Perseigne Abbey (Abbaye de Perseigne) is a former Cistercian abbey, formally established in 1145 on land given by William III, Count of Ponthieu, (Note: The abbey had been in preparation since 1130 and William's wife, Helie of Burgundy, died there in 1141/42) and suppressed in 1791 during the French Revolution. It is located in the north of the Sarthe département near to Neufchâtel-en-Saosnois, on the edge of the Perseigne forest, not far from Alençon.

The ruins, comprising a few stretches of wall, have been listed since 1932 as a monument historique by the French Ministry of Culture.

The abbey was a daughter house of Cîteaux itself; it was of modest importance within the Cistercian Order and founded no daughter houses of its own.
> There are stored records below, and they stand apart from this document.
(* The classes of [Z^2] modulo the lattice spanned by [u] and [v] are represented
   by the points [(S u + T v) / D], [0 <= S, T < D]; primitivity of [u], [v] and
   [v - u] excludes the representatives on the sides of the triangle [0 u v]. *)
Lemma nonunimodular_interior_lattice_point u1 u2 v1 v2 :
  Z.gcd u1 u2 = 1 -> Z.gcd v1 v2 = 1 -> Z.gcd (v1 - u1) (v2 - u2) = 1 ->
  2 <= Z.abs (u1*v2 - u2*v1) ->
  exists w1 w2 S T, 0 < S /\ 0 < T /\ S + T < Z.abs (u1*v2 - u2*v1) /\
    Z.abs (u1*v2 - u2*v1) * w1 = S*u1 + T*v1 /\ Z.abs (u1*v2 - u2*v1) * w2 = S*u2 + T*v2.
Proof.
  intros Gu Gv Guv Hd.
  set (d := u1*v2 - u2*v1) in *. set (D := Z.abs d) in *.
  destruct (coords_not_all_divisible u1 u2 v1 v2 D Gu Hd) as (e1 & e2 & He).
  set (S := e1*v2 - e2*v1) in He. set (T := u1*e2 - u2*e1) in He.
  assert (Cr1 : d * e1 = S*u1 + T*v1) by (unfold d, S, T; ring).
  assert (Cr2 : d * e2 = S*u2 + T*v2) by (unfold d, S, T; ring).
  set (S' := S mod D) in He. set (T' := T mod D) in He.
  assert (HS' : 0 <= S' < D) by (apply Z.mod_pos_bound; lia).
  assert (HT' : 0 <= T' < D) by (apply Z.mod_pos_bound; lia).
  assert (Dqs : D * (S / D) = S - S') by (pose proof (Z.div_mod S D); lia).
  assert (Dqt : D * (T / D) = T - T') by (pose proof (Z.div_mod T D); lia).
  set (eps := Z.sgn d).
  assert (Hde : d = eps * D) by (unfold eps, D; rewrite Z.mul_comm; symmetry; apply Z.abs_sgn).
  set (x1 := eps*e1 - (S/D)*u1 - (T/D)*v1). set (x2 := eps*e2 - (S/D)*u2 - (T/D)*v2).
  assert (Ex1 : D * x1 = S'*u1 + T'*v1).
  { transitivity (d*e1 - (D*(S/D))*u1 - (D*(T/D))*v1);
      [unfold x1; rewrite Hde; ring | rewrite Dqs, Dqt, Cr1; ring]. }
  assert (Ex2 : D * x2 = S'*u2 + T'*v2).
  { transitivity (d*e2 - (D*(S/D))*u2 - (D*(T/D))*v2);
      [unfold x2; rewrite Hde; ring | rewrite Dqs, Dqt, Cr2; ring]. }
  clearbody x1 x2 S' T'.
  destruct (Z.eq_dec S' 0) as [S0|S0].
  { exfalso; subst S'; apply (primitive_not_fraction v1 v2 x1 x2 T' D Gv); lia. }
  destruct (Z.eq_dec T' 0) as [T0|T0].
  { exfalso; subst T'; apply (primitive_not_fraction u1 u2 x1 x2 S' D Gu); lia. }
  destruct (Z.lt_total (S' + T') D) as [Hlt|[Heq|Hgt]].
  - exists x1, x2, S', T'. repeat split; lia.
  - exfalso. apply (primitive_not_fraction (v1-u1) (v2-u2) (v1 - x1) (v2 - x2) S' D Guv);
      [lia | rewrite Z.mul_sub_distr_l, Ex1 | rewrite Z.mul_sub_distr_l, Ex2];
      replace T' with (D - S') by lia; ring.
  - exists (u1 + v1 - x1), (u2 + v2 - x2), (D - S'), (D - T'). repeat split; lia.
Qed.
Lemma unity_roots_with0 m : (0 < m)%N -> exists s : seq C,
  [/\ uniq s, size s = m.+1 & forall x, (x \in s) = (x == 0) || (x ^+ m == 1)].
Proof.
move=> m_gt0; have [rs Xm1E] := closed_field_poly_normal ('X^m - 1 : {poly C}).
rewrite (monicP (monicXnsubC 1 m_gt0)) scale1r in Xm1E.
have root_Xm1 x : root ('X^m - 1) x = (x ^+ m == 1) := unity_rootE m x.
have mem_rs x : (x \in rs) = (x ^+ m == 1).
  by rewrite -root_prod_XsubC -Xm1E root_Xm1.
exists (0 :: rs); split.
- rewrite cons_uniq mem_rs expr0n eqn0Ngt m_gt0 eq_sym oner_eq0 /=.
  by rewrite -separable_prod_XsubC -Xm1E separable_Xn_sub_1 // pnatr_eq0 -lt0n.
- by rewrite /= -(size_prod_XsubC rs id) -Xm1E -polyC1 size_XnsubC.
- by move=> x; rewrite in_cons mem_rs.
Qed.

Section NormalCoefs.
Variables (l m : nat) (r : 'I_l -> C).
Hypothesis r_neq0 : forall i, r i != 0.

Definition normal_coefs (y : 'I_l -> C) := exists p : 'I_l,
  [/\ y p * r p = 1, forall i : 'I_l, (p < i)%N -> y i = 0
    & forall i, y i != 0 -> (y i * r i) ^+ m = 1].

Lemma normal_coefs_scale y y' c : normal_coefs y -> normal_coefs y' ->
  (forall i, y' i = c * y i) -> y =1 y'.
Proof.
move=> [p [yp yp_last _]] [p' [yp' yp'_last _]] y'E.
have c_neq0 : c != 0.
  by apply: contraTneq (mul_eq1_neq0 yp') => c0; rewrite y'E c0 mul0r eqxx.
have pp' : p = p'.
  apply: (last_nonzero_unique (mul_eq1_neq0 yp) yp_last).
    by move: (mul_eq1_neq0 yp'); rewrite y'E mulf_eq0 negb_or => /andP[].
  by move=> i /yp'_last /eqP; rewrite y'E mulf_eq0 (negbTE c_neq0) => /eqP.
have c1 : c = 1 by move: yp'; rewrite -pp' y'E -mulrA yp mulr1.
by move=> i; rewrite y'E c1 mul1r.
Qed.

Lemma normalize_coefs z mu : (exists i, z i != 0) ->
  (forall i, z i != 0 -> (z i * r i) ^+ m = mu) ->
  exists2 c, c != 0 & normal_coefs (fun i => z i / c).
Proof.
move=> [i0 zi0] z_root.
have [p zp p_max] := @arg_maxnP _ i0 (fun i => z i != 0) val zi0.
have c_neq0 : z p * r p != 0 by rewrite mulf_neq0.
exists (z p * r p) => //; exists p; split.
- by rewrite mulrAC divff.
- move=> i lt_pi; apply/eqP; rewrite mulf_eq0; apply/orP; left.
  by apply: contraTT lt_pi => /p_max; rewrite -leqNgt.
- move=> i; rewrite mulf_eq0 invr_eq0 (negbTE c_neq0) orbF => zi.
  rewrite mulrAC exprMn exprVn (z_root _ zi) (z_root _ zp) mulfV // -(z_root _ zp).
  exact: expf_neq0.
Qed.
Its temporal life was organised in the 12th and 13th centuries around a network of barns that have been discovered by archaeological excavation. Two agricultural buildings have left significant traces.

Intellectual life there flourished particularly in the early days. Between 1165 and 1189, the monk Thomas of Perseigne (also called Thomas le Cistercien) composed his Commentaire du Cantique des Cantiques ("Commentary on the Song of Songs"), which enjoyed great success in the west (there are 87 known copies).

The abbot Adam of Perseigne, author of a vast correspondence, served as the link between the Roman papacy, Cistercian Burgundy and English royalty.

== The economic dynamics of the abbey ==
The period of growth in the abbey's assets, which began in 1145 with the first donations from the founder William III and other donors mentioned in the foundation charter, without a precise date, was decisive for its development. The primary objective was to guarantee the monks independence by ensuring that they had all the resources they needed close at hand. As a result, most of the acquisitions were concentrated in the parish where the monastery was established, including the vast lands of La Ragonnière, which were later divided up for more efficient management.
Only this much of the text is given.